The ladder type diffusers used on the nutrafin units are no where near as good as even a lime wood diffuser, and are really prone to blockages.

Ade


----------



## aaronnorth (14 Jun 2008)

forot to say i used a glass ceramic diffuser n my nutrafin.


----------



## Luketendo (14 Jun 2008)

aaronnorth said:
			
		

> forot to say i used a glass ceramic diffuser n my nutrafin.



Rhinox?


----------



## Wolfenrook (14 Jun 2008)

I've read that rhinox type diffusers don't work with yeast, they require more pressure than you get with yeast systems.  However the nano ones are reputed to work quite well with yeast.

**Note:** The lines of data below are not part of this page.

Lemma ext_pairingE g0 g1 e : antisym g0 -> antisym g1 ->
  ext_pairing g0 g1 e = 2 * (g0 e * g1 e).
Proof.
move=> a0 a1; rewrite ffunE /same_class (bigD1 e) ?eqxx //= (big_pred1 (inv e)) => [|e'].
  by rewrite a0 a1 mulrNN mulr2n mulrDl mul1r.
by case: (eqVneq e' e) => [->|_] /=; rewrite ?eq_inv ?andbT.
Qed.

Lemma cycle_pairing_in_span g0 g1 : is_cycle g0 -> is_cycle g1 ->
  in_span cut_sums (ext_pairing g0 g1).
Proof.
move=> c0 c1; have pE e : ext_pairing g0 g1 e = 2 * (g0 e * g1 e).
  exact: ext_pairingE c0.1 c1.1.
apply: in_span_cut_sums => [e br|e0 e /parallel_classP[_ _ [k k2 ek]]].
  by rewrite pE (bridge_cycle0 br c0) mul0r mulr0.
by rewrite !pE !ek // mulrACA -expr2 k2 mul1r.
Qed.

Section Augmentation.
Variable e0 : E.
Hypothesis nb0 : ~~ bridge e0.
Local Notation H := (avoid e0).

Lemma cut_pair_of_exit S e1 : ~~ bridge e1 -> H e1 -> S (s e1) -> ~~ S (s e0) ->
  (forall e, H e -> S (s e) -> ~~ S (tg e) -> e = e1) -> cut_pair e0 e1.
Proof.
move=> nbe1 /andP[e1e0 e1ie0] Se1 nSe0 exit_e1; rewrite cut_pairE nb0 nbe1 e1e0 e1ie0 /=.
rewrite connect_adj_sym; last exact: avoid2_inv_closed.
apply: contraNN nSe0 => conn; apply: connect_closed Se1 conn => e ae Se.
have He : H e by move: ae; rewrite avoid2E => /andP[].
apply/negPn/negP => nSe; move: ae; rewrite (exit_e1 e He Se nSe).
by rewrite /avoid2 eqxx /= !andbF.
Qed.

Definition detour (y : {ffun E -> rat}) : pred E :=
  [pred e | H e && ((e0 \in parallel_class e) || (y e != 1))].
(* Let $h>0$, $K>0$, $g\in C^1(\mathbb{R}_+,\mathbb{R}_+)$ with $g(0)=0$, $g(K)=K$ and $g'(0+)=p>1$, and let $\psi$ be a nonnegative solution of $x'(t)=-x(t)+g(x(t-h))$ on $\mathbb{R}$ with $\psi(-\infty)=0$, $\psi(+\infty)=K$. Let $\lambda$ be the positive root of $z=-1+pe^{-zh}$. If the finite limit $g''(0+)$ exists, then for each $\delta>0$ there is $t_0\in\mathbb{R}$ such that, as $t\to-\infty$, $$\psi(t-t_0)=e^{\lambda t}+O(e^{(2\lambda-\delta)t}),\qquad \psi'(t-t_0)=\lambda e^{\lambda t}+O(e^{(2\lambda-\delta)t}),$$ and hence $\psi'>0$ on some semi-axis $(-\infty,T]$. Moreover, if $g''$ exists and is bounded on $[0,\epsilon)$ for some $\epsilon>0$, then such a solution $\psi$ is unique up to a translation in $t$. *)

From Stdlib Require Import Reals.
From Coquelicot Require Import Coquelicot.
Open Scope R_scope.

(* g is C^1 on R_+ = [0,+oo) with derivative dg (one-sided at 0) and maps
   R_+ into R_+.  Values of g on (-oo,0) are irrelevant. *)
Definition C1_Rplus_Rplus (g dg : R -> R) : Prop :=
  (forall x, 0 < x -> is_derive g x (dg x)) /\
  (forall x, 0 < x -> continuous dg x) /\
  filterlim (fun x => (g x - g 0) / x) (at_right 0) (locally (dg 0)) /\
  filterlim dg (at_right 0) (locally (dg 0)) /\
  (forall x, 0 <= x -> 0 <= g x).

Definition is_solution (h : R) (g psi : R -> R) : Prop :=
  forall t, is_derive psi t (- psi t + g (psi (t - h))).
Lemma iter_f_eq0 B n x : iter B f x = 0 -> (B <= n)%N -> iter n f x = 0.
Proof. by move=> fBx0 leBn; rewrite -(subnK leBn) iterD fBx0 iter_f0. Qed.

Lemma sum_delta_scale (B m : nat) (g : nat -> M) : (forall n, (B <= n)%N -> g n = 0) ->
  g m = \sum_(n < B) (m == n)%:R *: g n.
Proof.
move=> g0; case: (ltnP m B) => [ltmB | leBm].
  rewrite (bigD1 (Ordinal ltmB)) //= eqxx scale1r big1 ?addr0 // => n ne_n.
  rewrite (_ : (m == n) = false) ?scale0r //.
  by apply: contraNF ne_n => /eqP E; apply/eqP/val_inj.
rewrite g0 // big1 // => n _; rewrite (_ : (m == n) = false) ?scale0r //.
by apply/eqP => E; move: leBm; rewrite E leqNgt ltn_ord.
Qed.

Definition exp_trunc (B : nat) (a : F) (x : M) : M :=
  \sum_(n < B) (a ^+ n / n`!%:R) *: iter n f x.

Lemma exp_trunc_widen B B' a x : iter B f x = 0 -> (B <= B')%N ->
  exp_trunc B' a x = exp_trunc B a x.
Proof.
move=> fBx0 leBB'; rewrite /exp_trunc.
rewrite -(@sum_ord_widen _ B B' (fun n => (a ^+ n / n`!%:R) *: iter n f x)) // => n leBn.
by rewrite (iter_f_eq0 fBx0 leBn) scaler0.
Qed.

Lemma exp_trunc0 B x : iter B f x = 0 -> exp_trunc B 0 x = x.
Proof.
case: B => [/= ->|B _]; first by rewrite /exp_trunc big_ord0.
rewrite /exp_trunc big_ord_recl /= expr0 mul1r invr1 scale1r big1 ?addr0 // => n _.
by rewrite expr0n mul0r scale0r.
Qed.
Lemma LM_mul_exp x d : 0 < x -> d <> 0 -> LM (x * exp d) x = x * ((exp d - 1) / d).
Proof.
  intros hx hd. unfold LM. rewrite ln_mul_exp by exact hx.
  replace (ln x + d - ln x) with d by ring. field. exact hd.
Qed.

Lemma exp_parametrization a b : 0 < a -> 0 < b -> b < a ->
  exists k t, 0 < k /\ 0 < t /\ a = k * exp t /\ b = k * exp (- t).
Proof.
  intros ha hb hba.
  exists (exp ((ln a + ln b) / 2)), ((ln a - ln b) / 2).
  assert (ln b < ln a) by (apply ln_increasing; lra).
  split; [apply exp_pos |]. split; [lra |].
  rewrite <- !exp_plus. split.
  - replace ((ln a + ln b) / 2 + (ln a - ln b) / 2) with (ln a) by field. now rewrite exp_ln.
  - replace ((ln a + ln b) / 2 + - ((ln a - ln b) / 2)) with (ln b) by field. now rewrite exp_ln.
Qed.

Lemma AM_exp k t : AM (k * exp t) (k * exp (- t)) = k * cosh t.
Proof. unfold AM, cosh. field. Qed.

Lemma GM_exp k t : 0 <= k -> GM (k * exp t) (k * exp (- t)) = k.
Proof.
  intros hk. unfold GM. replace (k * exp t * (k * exp (- t))) with (k * k).
  - now apply sqrt_square.
  - rewrite exp_Ropp. field. apply Rgt_not_eq, exp_pos.
Qed.

Lemma LM_exp k t : 0 < k -> t <> 0 -> LM (k * exp t) (k * exp (- t)) = k * (sinh t / t).
Proof.
  intros hk ht. unfold LM, sinh. rewrite !ln_mul_exp by exact hk.
  replace (ln k + t - (ln k + - t)) with (2 * t) by ring. field. exact ht.
Qed.

Lemma IM_exp k t : 0 < k -> 0 < t ->
  IM (k * exp t) (k * exp (- t)) = k * exp (t * cosh t / sinh t - 1).
Proof.
  intros hk ht. pose proof (sinh_pos t ht) as hs. unfold IM. rewrite !ln_mul_exp by exact hk.
  replace ((k * exp t * (ln k + t) - k * exp (- t) * (ln k + - t)) / (k * exp t - k * exp (- t)))
    with (ln k + (t * cosh t / sinh t - 1) + 1).
  - rewrite !exp_plus, exp_ln by exact hk. field. apply Rgt_not_eq, exp_pos.
  - unfold sinh, cosh in *. field. split; apply Rgt_not_eq; nra.
Qed.

Lemma LM_sq x y : 0 < x -> 0 < y -> x <> y -> LM (x ^ 2) (y ^ 2) = (x + y) / 2 * LM x y.
Proof.
  intros hx hy hxy. unfold LM. rewrite !ln_pow by assumption. simpl INR.
  assert (hln : ln x - ln y <> 0) by (intros h; apply hxy, ln_inv; lra).
  field. split; [exact hln | lra].
Qed.

Lemma lt_LM_mul_exp x d : 0 < x -> 0 < d -> x < LM (x * exp d) x.
Proof.
  intros hx hd. rewrite LM_mul_exp by lra.
  pose proof (exp_ineq1 d (Rgt_not_eq _ _ hd)).
  enough (1 < (exp d - 1) / d) by nra.
  apply Rmult_lt_reg_r with d; [exact hd |]. unfold Rdiv. rewrite Rmult_assoc, Rinv_l; lra.
Qed.

Lemma LM_mul_exp_lt x g d : 0 < g < x -> 0 < d -> 1 - g / x < d ->
  LM (x * exp d) x < x * ((x * exp d - x) / (x - g)).
Proof.
  intros hgx hd hdg. rewrite LM_mul_exp by lra.
  assert (1 < exp d) by (rewrite <- exp_0; apply exp_increasing; exact hd).
  assert (x - g < x * d).
  { apply Rmult_lt_compat_l with (r := x) in hdg; [| lra].
    replace (x * (1 - g / x)) with (x - g) in hdg by (field; lra). exact hdg. }
  apply Rmult_lt_compat_l; [lra |].
  replace (x * exp d - x) with (x * (exp d - 1)) by ring.
  apply Rmult_lt_reg_r with (d * (x - g)); [nra |].
  replace ((exp d - 1) / d * (d * (x - g))) with ((exp d - 1) * (x - g)) by (field; lra).
  replace (x * (exp d - 1) / (x - g) * (d * (x - g))) with ((exp d - 1) * (x * d)) by (field; lra).
  apply Rmult_lt_compat_l; lra.
Qed.

Definition mean_inequalities (A G L I : R) : Prop :=
  (LM (A ^ 2) (G ^ 2) = (A + G) / 2 * LM A G /\
   (A + G) / 2 * LM A G > (A + G) / 2 * L /\
   (A + G) / 2 * L > L ^ 2) /\
  LM I G < L /\
  (L < LM I L /\ LM I L < L * ((I - L) / (L - G))).

Lemma sinhc_lt_LM_cosh k t : 0 < k -> 0 < t -> k * (sinh t / t) < LM (k * cosh t) k.
Proof.
  intros hk ht. pose proof (cosh_gt_1 t ht). pose proof (sinh_pos t ht).
  pose proof (ln_cosh_lt t ht). pose proof (cosh_sq_sub_sinh_sq t).
  assert (hln : 0 < ln (cosh t)) by (rewrite <- ln_1; apply ln_increasing; lra).
  rewrite <- (exp_ln (cosh t)) at 1 by lra. rewrite LM_mul_exp by lra. rewrite exp_ln by lra.
  apply Rmult_lt_compat_l; [exact hk |].
  assert (hkey : sinh t * ln (cosh t) < t * (cosh t - 1)).
  { assert (t * sinh t / (cosh t + 1) * sinh t = t * (cosh t - 1)) as <-.
    { replace (t * sinh t / (cosh t + 1) * sinh t) with (t * (sinh t * sinh t) / (cosh t + 1))
        by (field; lra).
      replace (sinh t * sinh t) with ((cosh t - 1) * (cosh t + 1)) by lra. field. lra. }
    nra. }
  apply Rmult_lt_reg_r with (t * ln (cosh t)); [nra |].
  replace (sinh t / t * (t * ln (cosh t))) with (sinh t * ln (cosh t)) by (field; lra).
  replace ((cosh t - 1) / ln (cosh t) * (t * ln (cosh t))) with (t * (cosh t - 1)) by (field; lra).
  exact hkey.
Qed.

Lemma sinhc_lt_AM_cosh k t : 0 < k -> 0 < t -> k * (sinh t / t) < (k * cosh t + k) / 2.
Proof.
  intros hk ht. pose proof (two_sinh_lt t ht).
  replace ((k * cosh t + k) / 2) with (k * ((cosh t + 1) / 2)) by field.
  apply Rmult_lt_compat_l; [exact hk |].
  apply Rmult_lt_reg_r with (2 * t); [lra |].
  replace (sinh t / t * (2 * t)) with (2 * sinh t) by (field; lra).
  lra.
Qed.

Lemma LM_exp_coth_lt k t : 0 < k -> 0 < t ->
  LM (k * exp (t * cosh t / sinh t - 1)) k < k * (sinh t / t).
Proof.
  intros hk ht. pose proof (t_coth_gt_1 t ht). pose proof (exp_coth_lt t ht).
  pose proof (sinh_pos t ht).
  set (w := t * cosh t / sinh t - 1) in *.
  assert (hw : 0 < w) by (unfold w; lra).
  rewrite LM_mul_exp by lra.
  apply Rmult_lt_compat_l; [exact hk |].
  apply Rmult_lt_reg_r with w; [exact hw |].
  replace ((exp w - 1) / w * w) with (exp w - 1) by (field; lra).
  replace (sinh t / t * w) with (cosh t - sinh t / t) by (unfold w; field; lra).
  lra.
Qed.

Lemma mean_inequalities_exp k t : 0 < k -> 0 < t ->
  mean_inequalities (k * cosh t) k (k * (sinh t / t)) (k * exp (t * cosh t / sinh t - 1)).
Proof.
  intros hk ht.
  pose proof (cosh_gt_1 t ht). pose proof (sinhc_gt_1 t ht). pose proof (sinh_pos t ht).
  pose proof (sinhc_lt_LM_cosh k t hk ht). pose proof (sinhc_lt_AM_cosh k t hk ht).
  set (r := sinh t / t) in *. set (w := t * cosh t / sinh t - 1).
  set (D := w - ln r).
  assert (hI : k * exp w = k * r * exp D).
  { unfold D. rewrite Rminus_def, exp_plus, exp_Ropp, exp_ln by lra. field. lra. }
  assert (hD : 1 - k / (k * r) < D).
  { pose proof (ln_sinhc_lt t ht). unfold D, w, r in *.
    replace (1 - k / (k * (sinh t / t))) with (1 - t / sinh t) by (field; lra).
    replace (t * (cosh t + 1) / sinh t - 2)
      with (t * cosh t / sinh t - 1 - (1 - t / sinh t)) in * by (field; lra).
    lra. }
  assert (hD0 : 0 < D).
  { enough (0 < 1 - k / (k * r)) by lra.
    replace (k / (k * r)) with (/ r) by (field; lra).
    enough (/ r < 1) by lra.
    rewrite <- Rinv_1. apply Rinv_lt_contravar; lra. }
  assert (hr : 0 < k * r) by nra.
  unfold mean_inequalities. split; [split; [| split] | split; [| split]].
  - apply LM_sq; [nra | exact hk | intros h; nra].
  - apply Rmult_lt_compat_l; [lra | assumption].
  - simpl. rewrite Rmult_1_r. apply Rmult_lt_compat_r; assumption.
  - apply LM_exp_coth_lt; assumption.
  - rewrite hI. apply lt_LM_mul_exp; nra.
  - rewrite hI. apply LM_mul_exp_lt; nra.
Qed.

Lemma mean_inequalities_gt a b : 0 < b -> b < a ->
  mean_inequalities (AM a b) (GM a b) (LM a b) (IM a b).
Proof.
  intros hb hba.
  destruct (exp_parametrization a b ltac:(lra) hb hba) as (k & t & hk & ht & -> & ->).
  rewrite AM_exp, GM_exp, LM_exp, IM_exp by lra.
  exact (mean_inequalities_exp k t hk ht).
Qed.

Theorem theorem3 (a b : R) (ha : 0 < a) (hb : 0 < b) (hab : a <> b) :
  let A := AM a b in let G := GM a b in let L := LM a b in let I := IM a b in
  (LM (A ^ 2) (G ^ 2) = (A + G) / 2 * LM A G /\
   (A + G) / 2 * LM A G > (A + G) / 2 * L /\
   (A + G) / 2 * L > L ^ 2) /\
  LM I G < L /\
  (L < LM I L /\ LM I L < L * ((I - L) / (L - G))).
Proof.
  cbv zeta. fold (mean_inequalities (AM a b) (GM a b) (LM a b) (IM a b)).
  destruct (Rtotal_order a b) as [hlt | [heq | hgt]].
  - rewrite AM_comm, GM_comm, LM_comm, IM_comm. exact (mean_inequalities_gt b a ha hlt).
  - contradiction.
  - exact (mean_inequalities_gt a b hb hgt).
Qed.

The lime wood air diffusers as sold for the marine hobby are really cheap however, and definitely do work.

Ade


----------



## aaronnorth (14 Jun 2008)

Luketendo said:
			
		

> aaronnorth said:
> 
> 
> 
> ...



i used these:

http://cgi.ebay.co.uk/__Fish_Lot-of-2-C ... 286.c0.m14


----------



## Luketendo (14 Jun 2008)

aaronnorth said:
			
		

> Luketendo said:
> 
> 
> 
> ...



Yeah, Rhinox probably.


----------



## LondonDragon (14 Jun 2008)

Rhinox are not designed for DIY CO2 they need a lot of pressure, I would go for the nano diffusor that you can find on ebay or the flower version. The Rhinox 1000 might work fine, but any higher and you asking for trouble.


----------



## Luketendo (14 Jun 2008)

Probably gonna try out the ladder.

How much of teaspoon of yeast should I use?
How often should I change the mix (less yeast, longer lasting I heard)?
Do I really need a drop checker?

Need more opinions.


----------



## Ed Seeley (15 Jun 2008)

Luketendo said:
			
		

> Probably gonna try out the ladder.
> 
> How much of teaspoon of yeast should I use?
> How often should I change the mix (less yeast, longer lasting I heard)?
> ...



I'm going to stick up for the ladder on the Nutrafin kits here.  Contrary to popular belief they are pretty efficient at lower bubble rates.  They only fall down when the bubble rate is very high or they aren't in an area of high flow (but then glass diffusers wouldn't be much good here either).  I have a Nutrafin kit on the tank in my classroom and as the bubbles travel up you can see them getting smaller as the CO2 dissolves, or diffuses, into the water.  When you also consider that there are other gases coming out of solution into the bubble as it travels up the ladder then the reduction in volume is pretty high.  Someone on APC calculated that the ladder must be well over 90% efficient based on just the reduction in volume!  I don't think 90% efficiency is that bad really for CO2; I know my glass diffusers allow a lot of CO2 to go straight to the top and I bet they're not 90% efficient.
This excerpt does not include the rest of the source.